Third-Party Power Purchase Agreements

As part of the ordinary course of business, the Utility enters into various agreements to purchase power and electric capacity. The price of purchased power may be fixed or variable. Variable pricing is generally based on the current market price of either gas or electricity at the date of purchase. The Utility’s obligations under a significant portion of these agreements are contingent on the third party’s development of new generation facilities to provide the power to be purchased by the Utility under these agreements. The table below excludes expected future payments related to agreements ranging from 10 to 25 years in length that are cancellable if the construction of a new generation facility has not met certain contractual milestones with respect to construction. Based on the Utility’s experience with these types of facilities, the Utility has determined that there is more than a remote chance that contracts could be cancelled until the generation facilities have commenced construction.

At June 30, 2012, the undiscounted future expected payment obligations were as follows:

 

(in millions)       

2012

     $ 1,337    

2013

     2,987    

2014

     3,142    

2015

     3,105    

2016

     2,998    

Thereafter

     32,911    
  

 

 

 

Total

     $ 46,480    
  

 

 

 

Costs incurred by the Utility under power purchase agreements amounted to $978 million and $1.1 billion for the six months ended June 30, 2012 and 2011, respectively.

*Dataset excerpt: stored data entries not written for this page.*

(* Let $T$ be a non-star tree and $x$ a vertex of $T$ with neighbors $x_1,\dots,x_n$, $n>2$. Suppose that for $i=1,\dots,m$, where $2\le m<n$, the tree $T_{(x_i,x)}$ is a neighbor $F$-tree of $x$. Let $T'$ be the connected component containing $x$ in $T-\{xx_i: i=1,\dots,m\}$. Suppose there exists a $(T',z)$-good 2-placement $\sigma$ with $dist(x,\sigma(x))\le 2$, where $z$ is a vertex of $T'$ (possibly $z=x$). Then there exists a $(T,z)$-good 2-placement $\sigma_z$ such that $\sigma_z(v)=\sigma(v)$ for every $v\in V(T')$ and $dist_T(x_i,\sigma_z(x_i))\le 2$ for $i=1,\dots,m$.
   Context: All graphs are finite, simple and undirected. A non-star tree is a tree not isomorphic to a star $K_{1,m}$ for any $m\ge0$. For an edge $ab$ of a tree $T$, $T_{(a,b)}$ denotes the connected component containing $a$ in $T-\{ab\}$; it is a neighbor $F$-tree of $b$ if it is a path with at most $3$ vertices and, when it has exactly $3$ vertices, $a$ is an end vertex of it. For a tree $S$, a permutation $\sigma$ of $V(S)$ is a 2-placement of $S$ if $\sigma(a)\sigma(b)\notin E(S)$ for every edge $ab\in E(S)$; $\sigma(S)\subseteq S^k$ means $dist_S(\sigma(a),\sigma(b))\le k$ for every edge $ab$ of $S$. For a non-star tree $S$ and vertex $w$, a fixed-point-free permutation $\sigma$ of $V(S)$ is an $(S,w)$-good 2-placement if (distances and degrees taken in $S$): (1) $\sigma$ is a 2-placement of $S$; (2) $\sigma(S)\subseteq S^5$; (3) $dist(w,\sigma(w))=1$; (4) $dist(y,\sigma(y))\le 2$ for every neighbor $y$ of $w$; (5) $dist(y,\sigma(y))\le 4$ for every $y$ of degree $1$. *)

(* Graphs: a simple graph is a symmetric irreflexive
   relation e on a finite vertex type V.  Subgraphs are represented by a
   vertex set A : {set V} with the induced edge relation. *)
From mathcomp Require Import all_boot.
Set Implicit Arguments. Unset Strict Implicit. Unset Printing Implicit Defensive.

Section Defs.
Variable V : finType.
Variable e : rel V.

Definition eA (A : {set V}) : rel V :=
  fun u v => [&& u \in A, v \in A & e u v].

Definition dist_le (A : {set V}) (k : nat) (u v : V) : Prop :=
  exists p : seq V, [&& u \in A, path (eA A) u p, last u p == v & size p <= k].

Definition dist_eq (A : {set V}) (k : nat) (u v : V) : Prop :=
  dist_le A k u v /\ forall j, j < k -> ~ dist_le A j u v.

Definition deg (A : {set V}) (v : V) : nat := #|[set y | eA A v y]|.

Definition is_connected (A : {set V}) : Prop :=
  forall u v, u \in A -> v \in A -> connect (eA A) u v.

Definition has_cycle (A : {set V}) : Prop :=
  exists c : seq V, [/\ uniq c, 3 <= size c & cycle (eA A) c].

Definition is_tree (A : {set V}) : Prop :=
  A != set0 /\ is_connected A /\ ~ has_cycle A.

(* isomorphic to K_{1,m} for some m >= 0 *)
Definition is_star (A : {set V}) : Prop :=
  exists2 c, c \in A &
    (forall v, v \in A -> v != c -> eA A c v) /\
    (forall u v, eA A u v -> (u == c) || (v == c)).

Definition consec (s : seq V) (u v : V) : Prop :=
  exists i, [/\ i.+1 < size s, nth u s i = u & nth u s i.+1 = v].

(* s lists the vertices of the path graph induced on A in path order *)
Definition is_path_seq (A : {set V}) (s : seq V) : Prop :=
  [/\ s != [::], uniq s, A =i s &
      forall u v, eA A u v <-> (consec s u v \/ consec s v u)].

(* T_{(a,b)} for the tree on A: component containing a in A - {ab} *)
Definition comp_del (A : {set V}) (a b : V) : {set V} :=
  [set v | connect (fun u w => eA A u w &&
             ~~ (((u == a) && (w == b)) || ((u == b) && (w == a)))) a v].

Definition neighbor_Ftree (A : {set V}) (a b : V) : Prop :=
  exists s, [/\ is_path_seq (comp_del A a b) s, size s <= 3 &
              (size s = 3 -> a = head a s \/ a = last a s)].

(* component containing x in A - {x y : y \in X} *)
Definition comp_del_star (A : {set V}) (x : V) (X : {set V}) : {set V} :=
  [set v | connect (fun u w => eA A u w &&
             ~~ (((u == x) && (w \in X)) || ((w == x) && (u \in X)))) x v].

Definition good (A : {set V}) (w : V) (sigma : V -> V) : Prop :=
  [/\ is_tree A, ~ is_star A, w \in A,
      [/\ {in A, forall v, sigma v \in A}, {in A &, injective sigma}
        & {in A, forall v, sigma v != v}] &
      [/\
          (forall a b, eA A a b -> ~~ eA A (sigma a) (sigma b)),
          (forall a b, eA A a b -> dist_le A 5 (sigma a) (sigma b)),
          dist_eq A 1 w (sigma w),
          (forall y, eA A w y -> dist_le A 2 y (sigma y)) &
          (forall y, y \in A -> deg A y = 1 -> dist_le A 4 y (sigma y))]].

End Defs.

From mathcomp Require Import all_boot.
From Stdlib Require Import IndefiniteDescription.
Set Implicit Arguments. Unset Strict Implicit. Unset Printing Implicit Defensive.

(* Removing the edges x--xi (xi in X) splits T into the core T'
   (the component of x, on which sigma is already good) and the branches
   C xi = T_(xi,x).  The F-tree hypothesis makes every branch a path of at
   most three vertices hanging from xi, and since deg x > 2 the branches are
   pairwise disjoint, disjoint from T', and together with T' they cover T.
   Order X cyclically, xi |-> nX xi, and extend sigma branch by branch by a
   rotation that sends the branch of xi into itself minus xi, plus the root
   nX xi of the next branch:  [xi] : xi |-> nX xi,  [xi; c] : xi |-> c |-> nX xi,
   [xi; c; d] : xi |-> d |-> c |-> nX xi.  The result is a fixed-point-free
   permutation; every displacement stays inside a branch or goes through the
   path xi -- x -- nX xi, which gives the distance bounds 2, 4 and 5, and
   images of edges are non-adjacent because deep branch vertices only see
   their own branch. *)

Section Walks.
Variables (V : finType) (e : rel V).
Implicit Types (A B : {set V}) (u v w : V).

Lemma eA_setT u v : eA e [set: V] u v = e u v.
Proof. by rewrite /eA !inE. Qed.

Lemma dist_le_refl A u : u \in A -> dist_le e A 0 u u.
Proof. by move=> uA; exists [::]; rewrite uA /= eqxx. Qed.

Lemma dist_le_edge A u v : eA e A u v -> dist_le e A 1 u v.
Proof. by move=> uv; exists [:: v]; case/and3P: (uv) => -> _ _; rewrite /= uv eqxx. Qed.

Lemma dist_le_trans A j k u v w :
  dist_le e A j u v -> dist_le e A k v w -> dist_le e A (j + k) u w.
Proof.
case=> p /and4P[uA pp /eqP lp sp] [q /and4P[_ pq /eqP lq sq]].
exists (p ++ q); rewrite uA cat_path pp lp pq last_cat lp lq eqxx size_cat.
exact: leq_add.
Qed.

Lemma dist_le_mono A j k u v : j <= k -> dist_le e A j u v -> dist_le e A k u v.
Proof.
by move=> jk [p /and4P[uA pp lp sp]]; exists p; rewrite uA pp lp (leq_trans sp).
Qed.

Lemma dist_le_subset A B k u v :
  A \subset B -> dist_le e A k u v -> dist_le e B k u v.
Proof.
move=> /subsetP AB [p /and4P[uA pp lp sp]]; exists p; rewrite AB // lp sp !andbT.
by apply: sub_path pp => a b /and3P[aA bA ab]; rewrite /eA !AB.
Qed.

Lemma dist_le_setT_edge u v : e u v -> dist_le e [set: V] 1 u v.
Proof. by move=> uv; apply: dist_le_edge; rewrite eA_setT. Qed.

Lemma dist_le0 A u v : dist_le e A 0 u v -> u = v.
Proof. by case=> [[|a p]] /and4P[_ _ /eqP]. Qed.

Hypothesis e_sym : symmetric e.

Lemma eA_sym A : symmetric (eA e A).
Proof. by move=> a b; rewrite /eA e_sym andbCA. Qed.

Lemma dist_le_sym A k u v : dist_le e A k u v -> dist_le e A k v u.
Proof.
case=> p /and4P[uA pp /eqP <- sp]; apply: (dist_le_mono sp).
elim: p u uA pp {sp} => [|a p IH] u uA /=; first by move=> _; exact: dist_le_refl.
case/andP=> ua pp; have aA : a \in A by case/and3P: ua.
rewrite -addn1; apply: dist_le_trans (IH a aA pp) (dist_le_edge _).
by rewrite eA_sym.
Qed.

Lemma nonadj_dist_sym A k u v :
  ~~ e u v /\ dist_le e A k u v -> ~~ e v u /\ dist_le e A k v u.
Proof. by case=> uv duv; rewrite e_sym; split=> //; apply: dist_le_sym. Qed.

Hypothesis e_irr : irreflexive e.

Lemma edge_neq u v : e u v -> (v == u) = false.
Proof. by apply: contraTF => /eqP->; rewrite e_irr. Qed.

End Walks.

Lemma connect_preserve (V : finType) (R : rel V) (P : pred V) a b :
  (forall u w, R u w -> P u -> P w) -> connect R a b -> P a -> P b.
Proof.
move=> stepP /connectP[p pth ->]; elim: p a pth => [|c p IH] a //=.
by case/andP=> ac pth Pa; apply: IH pth (stepP _ _ ac Pa).
Qed.

Lemma next_neq (T : eqType) (p : seq T) y :
  uniq p -> 1 < size p -> y \in p -> next p y != y.
Proof.
rewrite next_nth; case: p => [|a q] //= /andP[aq uq] sq yp; rewrite yp.
have [->|ya] := eqVneq y a.
  by case: q aq sq {uq yp} => [|b q] //=; rewrite inE negb_or eq_sym => /andP[].
have yq : y \in q by move: yp; rewrite inE (negbTE ya).
have [lt|ge] := ltnP (index y q).+1 (size q); last by rewrite nth_default // eq_sym.
rewrite -{2}(nth_index a yq) nth_uniq ?index_mem //.
by rewrite eqn_leq ltnn.
Qed.

Section CyclicSuccessor.
Variables (T : finType) (X : {set T}).

Definition cyc_next : T -> T := next (enum X).

Lemma cyc_next_in xi : xi \in X -> cyc_next xi \in X.
Proof. by move=> xiX; rewrite -mem_enum /cyc_next mem_next mem_enum. Qed.

Lemma cyc_next_inj : injective cyc_next.
Proof. exact: can_inj (prev_next (enum_uniq _)). Qed.

Lemma cyc_next_neq xi : 1 < #|X| -> xi \in X -> cyc_next xi != xi.
Proof. by move=> X2 xiX; apply: next_neq; rewrite ?enum_uniq -?cardE ?mem_enum. Qed.

End CyclicSuccessor.

Section PendantPaths.
Variables (V : finType) (e : rel V).
Hypothesis e_sym : symmetric e.

Inductive short_pendant (a : V) : seq V -> Prop :=
  | Pendant1 : short_pendant a [:: a]
  | Pendant2 c : e a c -> short_pendant a [:: a; c]
  | Pendant3 c d : e a c -> e c d -> ~~ e a d -> d != a ->
                   short_pendant a [:: a; c; d].

Lemma consec3 (a c d u v : V) :
  consec [:: a; c; d] u v -> (u = a /\ v = c) \/ (u = c /\ v = d).
Proof. by case=> [[|[|[|i]]]] [//= _ <- <-]; [left | right]. Qed.

Lemma path_seq_pendant (A : {set V}) (s : seq V) (a : V) :
  is_path_seq e A s -> size s <= 3 ->
  (size s = 3 -> a = head a s \/ a = last a s) -> a \in s ->
  exists2 b, A =i b & short_pendant a b.
Proof.
case=> _ us As es ss end3 a_s.
have cons_e u v : consec s u v -> e u v.
  by move=> uv; case/and3P: (proj2 (es u v) (or_introl uv)).
have e_cons u v : u \in s -> v \in s -> e u v -> consec s u v \/ consec s v u.
  by move=> us' vs uv; apply/es; rewrite /eA !As us' vs.
case: s us As es ss end3 a_s cons_e e_cons => [|a1 [|a2 [|a3 [|? ?]]]] //=
  us As _ _ end3 a_s cons_e e_cons.
- by move: a_s; rewrite inE => /eqP->; exists [:: a1] => //; constructor.
- have e12 : e a1 a2 by apply: cons_e; exists 0.
  move: a_s; rewrite !inE => /orP[/eqP->|/eqP->]; first by exists [:: a1; a2]; last constructor.
  exists (rev [:: a1; a2]); first by move=> v; rewrite As mem_rev.
  by constructor; rewrite e_sym.
- have e12 : e a1 a2 by apply: cons_e; exists 0.
  have e23 : e a2 a3 by apply: cons_e; exists 1.
  move: (us); rewrite /= !inE !negb_or !andbT => /andP[/andP[n12 n13] n23].
  have n_e13 : ~~ e a1 a3.
    apply/negP => /(e_cons _ _ _ _); rewrite !inE !eqxx !orbT => /(_ isT isT).
    by case=> /consec3 [] [] h1 h3; move: n12 n13 n23; rewrite ?h1 ?h3 ?eqxx ?andbF.
  case: (end3 erefl) => /= ->.
    by exists [:: a1; a2; a3]; last by constructor; rewrite // eq_sym.
  exists (rev [:: a1; a2; a3]); first by move=> v; rewrite As mem_rev.
  by constructor; rewrite // e_sym // e_sym.
Qed.
End PendantPaths.

Section BranchShift.
Variables (V : finType) (e : rel V).
Hypotheses (e_sym : symmetric e) (e_irr : irreflexive e).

Some of the power purchase agreements that the Utility entered into with independent power producers that are qualifying facilities are treated as capital leases. During the six months ended June 30, 2012, the Utility terminated several agreements with total minimum lease payments of approximately $136 million. The future minimum lease payments associated with the remaining capital leases were approximately $125 million.

Natural Gas Supply, Transportation, and Storage Commitments

The Utility purchases natural gas directly from producers and marketers in both Canada and the U.S. to serve its core customers and to fuel its owned-generation facilities. The Utility also contracts for natural gas transportation from the points at which the Utility takes delivery (typically in Canada, the U.S. Rocky Mountain supply area, and the southwestern U.S.) to the points at which the Utility’s natural gas transportation system begins. In addition, the Utility has contracted for natural gas storage services in northern California in order to better meet core customers’ winter peak loads.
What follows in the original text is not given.